The significant outperformance of the ensemble models, particularly the Stacking Regressor, over the single baseline model can be explained by referencing the **bias-variance trade-off** and the principle of **model diversity**.

1.  **Addressing the Bias-Variance Trade-off:**
    *   The baseline Linear Regression model, while better than a simple Decision Tree, was a **high-bias** model. It was too simple (linear) to capture the complex, non-linear relationships between factors like the hour of the day, weather, and season on bike rental demand. Its high RMSE of 100.4449 reflects this fundamental inability to model the data's true complexity.

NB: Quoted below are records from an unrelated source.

(* Let $h_1,\dots,h_n$ be $n$ distinct tasks and let $h_i^*\in\mathcal{H}_{\min}(h_i)$ for every $i\in[n]$. Let $\Phi:\{-1,1\}^m\to\mathcal{Z}$ and $g_1,\dots,g_n:\mathcal{Z}\to\mathbb{R}$ be such that $g_i\circ\Phi\in\mathcal{H}(h_i)$ for every $i\in[n]$. Let $\Phi^*=(\Phi^*_1,\dots,\Phi^*_d)\in\mathcal{H}_{\min}(\Phi)$. Then, writing $h^*=(h_1^*,\dots,h_n^* )$ and $g=(g_1,\dots,g_n)$, $$\widehat{\deg}(h^* )-\widehat{\deg}(g\circ\Phi^* )\;\ge\;\sum_{i=1}^n\deg(h_i\mid\Phi^* )-d^2,$$ where $\widehat{\deg}(h^* )=\sum_{i}\deg(h_i^* )$ and $\widehat{\deg}(g\circ\Phi^* )=\sum_i\deg(g_i)+\sum_{j=1}^d\deg(\Phi^*_j)$.
   Context: Standing setup: integers $m\ge d\ge 1$, $\mathcal{Z}=\{-1,1\}^d$, and $\psi:\mathcal{Z}\to\{-1,1\}^m$ is injective; $\mathcal{X}:=\psi(\mathcal{Z})$. The latent distribution $p$ on $\mathcal{Z}$ has $\mathrm{supp}(p)=\mathcal{Z}$. Every $f:\{-1,1\}^n\to\mathbb{R}$ has a unique expansion $f(x)=\sum_{S\subseteq[n]}\hat f(S)\chi_S(x)$ with $\chi_S(x)=\prod_{i\in S}x_i$; $\deg(f)=\max\{|S|:\hat f(S)\ne0\}$ (degree $0$ for constants). For a multi-output map $f=(f_1,\dots,f_q)$, $\deg(f):=\sum_i\deg(f_i)$. A task is $h:\{-1,1\}^m\to\mathbb{R}$ of which only the values on $\mathcal{X}$ matter; $\mathcal{H}(h):=\{f:\{-1,1\}^m\to\mathbb{R}\mid f=h\text{ on }\mathcal{X}\}$; $\mathcal{H}_{\min}(h)$ is the set of minimum-degree elements of $\mathcal{H}(h)$, whose common degree is written $\deg(\mathcal{H}_{\min}(h))$. For the multi-output $\Phi$, $\mathcal{H}(\Phi)$ is the set of maps $\{-1,1\}^m\to\mathbb{R}^d$ agreeing with $\Phi$ on $\mathcal{X}$, and $\mathcal{H}_{\min}(\Phi)$ its elements minimizing $\sum_j\deg(\cdot_j)$. A composition $g\circ\Phi'$ with $g:\mathcal{Z}\to\mathbb{R}$ is evaluated via the multilinear (Fourier–Walsh) polynomial of $g$; its realization degree is $\widehat{\deg}(g\circ\Phi')=\deg(g)+\deg(\Phi')$, and for a tuple of realizations realization degrees add. Conditional degree: for a task $h$ and a representation $\Phi'$ for which some $g$ with $g\circ\Phi'\in\mathcal{H}(h)$ exists, $\deg(h\mid\Phi'):=\deg(\mathcal{H}_{\min}(h))-\max\{\deg(g):g:\mathcal{Z}\to\mathbb{R},\ g\circ\Phi'\in\mathcal{H}(h)\}$. *)

From mathcomp Require Import all_boot all_order all_algebra.
From mathcomp Require Import boolp reals.
Set Implicit Arguments. Unset Strict Implicit. Unset Printing Implicit Defensive.
Import Order.TTheory GRing.Theory Num.Theory.
Local Open Scope ring_scope.

Section Defs.
Variable R : realType.

(* The hypercube {-1,1}^n, a point being encoded by its sign pattern. *)
Definition cube (n : nat) := {ffun 'I_n -> bool}.

Definition spin (b : bool) : R := if b then 1 else -1.

Definition chi n (S : {set 'I_n}) (x : cube n) : R :=
  \prod_(i in S) spin (x i).

(* Fourier-Walsh coefficient: the unique coefficient of chi_S in the
   expansion of f (computed by orthogonality). *)
Definition fhat n (f : cube n -> R) (S : {set 'I_n}) : R :=
  (2 ^+ n)^-1 * \sum_(x : cube n) f x * chi S x.

Definition deg n (f : cube n -> R) : nat :=
  \max_(S : {set 'I_n} | fhat f S != 0) #|S|.

Definition mlext d (g : cube d -> R) (y : 'I_d -> R) : R :=
  \sum_(S : {set 'I_d}) fhat g S * \prod_(j in S) y j.

(* Composition g o Phi' of g : Z -> R with a real multi-output map,
   evaluated via the multilinear polynomial of g. *)
Definition compml m d (g : cube d -> R) (Phi' : cube m -> 'I_d -> R)
  : cube m -> R := fun x => mlext g (Phi' x).

(* H(h): functions agreeing with h on X = psi(Z). *)
Definition inH m d (psi : cube d -> cube m) (h f : cube m -> R) : Prop :=
  forall z : cube d, f (psi z) = h (psi z).

Definition inHmin m d (psi : cube d -> cube m) (h f : cube m -> R) : Prop :=
  inH psi h f /\ forall f', inH psi h f' -> (deg f <= deg f')%N.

    *   The Gradient Boosting model made its greatest leap in performance by directly attacking this problem. As a **bias-reduction** technique, it sequentially built models to correct the errors of its predecessors, creating a highly complex and accurate function that dramatically lowered the bias, resulting in a much lower RMSE (54.1999).
    *   Stacking provided the final, optimal balance. It took the powerful, low-bias Gradient Boosting model and combined it with other models (like the lower-variance Bagging model). The meta-learner's role is to find the best possible compromise in the bias-variance trade-off, using the strengths of each base learner to compensate for the weaknesses of others.

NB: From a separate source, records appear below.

(* Let $\Sigma$ be a signature and $\mathbf V$ a full subcategory of $\mathbf{Alg}(\Sigma)$. Then $\mathbf V$ is closed under surjective images, small products and strong subobjects if and only if there exist a set $X$ and an unconditional theory $\Lambda$ in the language $(\Sigma,X)$ such that $\mathbf V=\mathbf{Mod}(\Lambda)$.
   Context: $H$ is a frame with bottom $\bot$. An $H$-fuzzy set is a pair $(A,\mu_A)$ of a set $A$ and a function $\mu_A:A\to H$; an arrow $f:(A,\mu_A)\to(B,\mu_B)$ is a function with $\mu_A(x)\le\mu_B(f(x))$; they form $\mathbf{Fuz}_H$. For $n\ge1$, $(A,\mu_A)^n=(A^n,\mu)$ with $\mu(a_1,\dots,a_n)=\bigwedge_i\mu_A(a_i)$. A signature $\Sigma=(O,\mathrm{ar},C)$ consists of a set $O$ of operation symbols with arity $\mathrm{ar}:O\to\{1,2,3,\dots\}$ and a set $C$ of constant symbols. A language is a pair $\mathcal L=(\Sigma,X)$ with $X$ a set of variables. $\mathrm{Terms}(\mathcal L)$ is the smallest set containing $X\sqcup C$ and containing $f(t_1,\dots,t_{\mathrm{ar}(f)})$ whenever $f\in O$ and all $t_i\in\mathrm{Terms}(\mathcal L)$. A formula is either an equation $s\equiv t$ ($s,t$ terms) or a membership proposition $\mathsf E_l(t)$ with $l\in H$ and $t$ a term. A sequent $\Gamma\vdash\psi$ is a pair of a (possibly infinite) set $\Gamma$ of formulas and a formula $\psi$; $\vdash\psi$ means $\emptyset\vdash\psi$. A fuzzy theory in $\mathcal L$ is a set of sequents. A theory is unconditional if all its sequents have the form $\vdash\phi$. A $\Sigma$-algebra $\mathcal A=((A,\mu_A),\Sigma^{\mathcal A})$ is an $H$-fuzzy set $(A,\mu_A)$ together with, for each $f\in O$, an arrow $f^{\mathcal A}:(A,\mu_A)^{\mathrm{ar}(f)}\to(A,\mu_A)$ of $\mathbf{Fuz}_H$ and, for each $c\in C$, an element $c^{\mathcal A}\in A$. A morphism of $\Sigma$-algebras is an arrow of $\mathbf{Fuz}_H$ between the carriers preserving all constants and commuting with all operations; this gives $\mathbf{Alg}(\Sigma)$, whose products are the products of carriers in $\mathbf{Fuz}_H$ (membership the infimum of the components) with componentwise operations and constants. An assignment is a function $\iota:X\to A$; evaluation: $x^{\mathcal A,\iota}=\iota(x)$, $c^{\mathcal A,\iota}=c^{\mathcal A}$, $f(t_1,\dots,t_n)^{\mathcal A,\iota}=f^{\mathcal A}(t_1^{\mathcal A,\iota},\dots,t_n^{\mathcal A,\iota})$. $\mathcal A\vDash_\iota s\equiv t$ iff $s^{\mathcal A,\iota}=t^{\mathcal A,\iota}$; $\mathcal A\vDash_\iota\mathsf E_l(t)$ iff $l\le\mu_A(t^{\mathcal A,\iota})$. $\mathcal A$ satisfies $\Gamma\vdash\psi$ if for every assignment $\iota$ with $\mathcal A\vDash_\iota\phi$ for all $\phi\in\Gamma$ one has $\mathcal A\vDash_\iota\psi$. $\mathcal A$ is a model of a theory $\Lambda$ if it satisfies every sequent of $\Lambda$; $\mathbf{Mod}(\Lambda)$ is the full subcategory of $\mathbf{Alg}(\Sigma)$ on the models of $\Lambda$. Closure conditions on $\mathbf V$: closed under surjective images means that if $\mathcal A\in\mathbf V$ and $e:\mathcal A\to\mathcal B$ is a morphism with surjective underlying function then $\mathcal B\in\mathbf V$; closed under strong subobjects means that if $\mathcal B\in\mathbf V$ and $m:\mathcal A\to\mathcal B$ is a morphism whose underlying function is injective with $\mu_B(m(a))=\mu_A(a)$ for all $a$, then $\mathcal A\in\mathbf V$; closed under small products means the product of any set-indexed family of members of $\mathbf V$ is in $\mathbf V$. *)

From mathcomp Require Import all_boot.
Set Implicit Arguments.
Unset Strict Implicit.
Unset Printing Implicit Defensive.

2.  **The Power of Model Diversity:**
    *   The core strength of Stacking lies in its use of **diverse base learners**. We didn't just combine three similar models; we combined three different approaches to problem-solving:
        *   **Gradient Boosting:** A sequential, error-correcting approach.
        *   **Bagging:** A parallel approach that reduces variance by averaging.

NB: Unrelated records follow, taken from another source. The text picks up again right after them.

(* A mixed graph $G=(V,D,B)$ is HTC-infinite-to-one if and only if the maximum flow in the network $G_{\mathrm{flow}}$ defined below has size strictly less than $|D|=\sum_{v\in V}|\mathrm{pa}(v)|$.
   Context: A mixed graph is $G=(V,D,B)$ with $V=[m]$, $D$ directed edges $v\to w$, $B$ symmetric bidirected edges $v\leftrightarrow w$, no self-loops. $\mathrm{pa}(v)=\{w:w\to v\in D\}$, $\mathrm{sib}(v)=\{w:w\leftrightarrow v\in B\}$. A half-trek from $y$ to $w$ is a path $y\leftrightarrow w_0\to w_1\to\cdots\to w_r=w$ (left side $\{y\}$, right side $\{w_0,\dots,w_r\}$) or $y\to w_1\to\cdots\to w_r=w$, $r\ge0$ (left side $\{y\}$, right side $\{y,w_1,\dots,w_r\}$); nodes may repeat. A system of half-treks from $X$ to $Y$: half-treks with distinct sources forming $X$ and distinct targets forming $Y$; no sided intersection: pairwise disjoint left sides and pairwise disjoint right sides. $Y$ satisfies the half-trek criterion w.r.t. $v$ if $|Y|=|\mathrm{pa}(v)|$, $Y\cap(\{v\}\cup\mathrm{sib}(v))=\emptyset$, and there is a system of half-treks with no sided intersection from $Y$ to $\mathrm{pa}(v)$. $G$ is HTC-infinite-to-one if every family $(Y_v:v\in V)$ of subsets of $V$ either contains some $Y_v$ that fails the half-trek criterion w.r.t. $v$ or contains a pair $Y_v,Y_w$ with $v\in Y_w$ and $w\in Y_v$. Flows: in a directed graph with source $s$, sink $t$, node and edge capacities, a flow is a nonnegative edge function respecting edge capacities and, at each node $x\neq s,t$, conservation $\sum_u f(u,x)=\sum_w f(x,w)$ with this value at most the node capacity; its size is the total flow out of $s$. The network $G_{\mathrm{flow}}$ has nodes $s,t$, a node $L\{v,w\}$ for each unordered pair of distinct $v,w\in V$ with $v\leftrightarrow w\notin B$, and a node $R_v(w)$ for each $(v,w)\in V\times V$. Its edges are: $s\to L\{v,w\}$, $L\{v,w\}\to R_v(w)$ (and, by symmetry of the unordered pair, $L\{v,w\}\to R_w(v)$) for each such pair; $L\{v,w\}\to R_v(u)$ for all $v\ne w$ with $v\leftrightarrow w\notin B$ and $w\leftrightarrow u\in B$; $R_v(w)\to R_v(u)$ for all $v\in V$ and $w\to u\in D$; and $R_v(w)\to t$ for all $v\in V$, $w\in\mathrm{pa}(v)$. All edges and the nodes $s,t$ have capacity $\infty$; all other nodes have capacity $1$. *)

From HB Require Import structures.
From mathcomp Require Import all_boot all_order all_algebra.
Set Implicit Arguments. Unset Strict Implicit. Unset Printing Implicit Defensive.
Import Order.TTheory GRing.Theory Num.Theory.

        *   **K-Nearest Neighbors:** An instance-based, non-parametric approach that makes predictions based on local data points.
    *   Because these models have different underlying assumptions, they make different kinds of errors. The Stacking meta-learner is explicitly trained to learn these error patterns. It learns when to trust the Boosting model, when to lean more on the Bagging model's stability, and when the KNN model's local perspective is valuable. This "wisdom of the diverse crowd" allows it to make a final prediction that is more robust and accurate than any single "expert" could achieve on its own.

In summary, the Stacking Regressor won because it didn't rely on a single perspective. It intelligently synthesized the predictions from a diverse team of specialized models, creating a final, synergistic model that was far more powerful and accurate than the sum of its parts.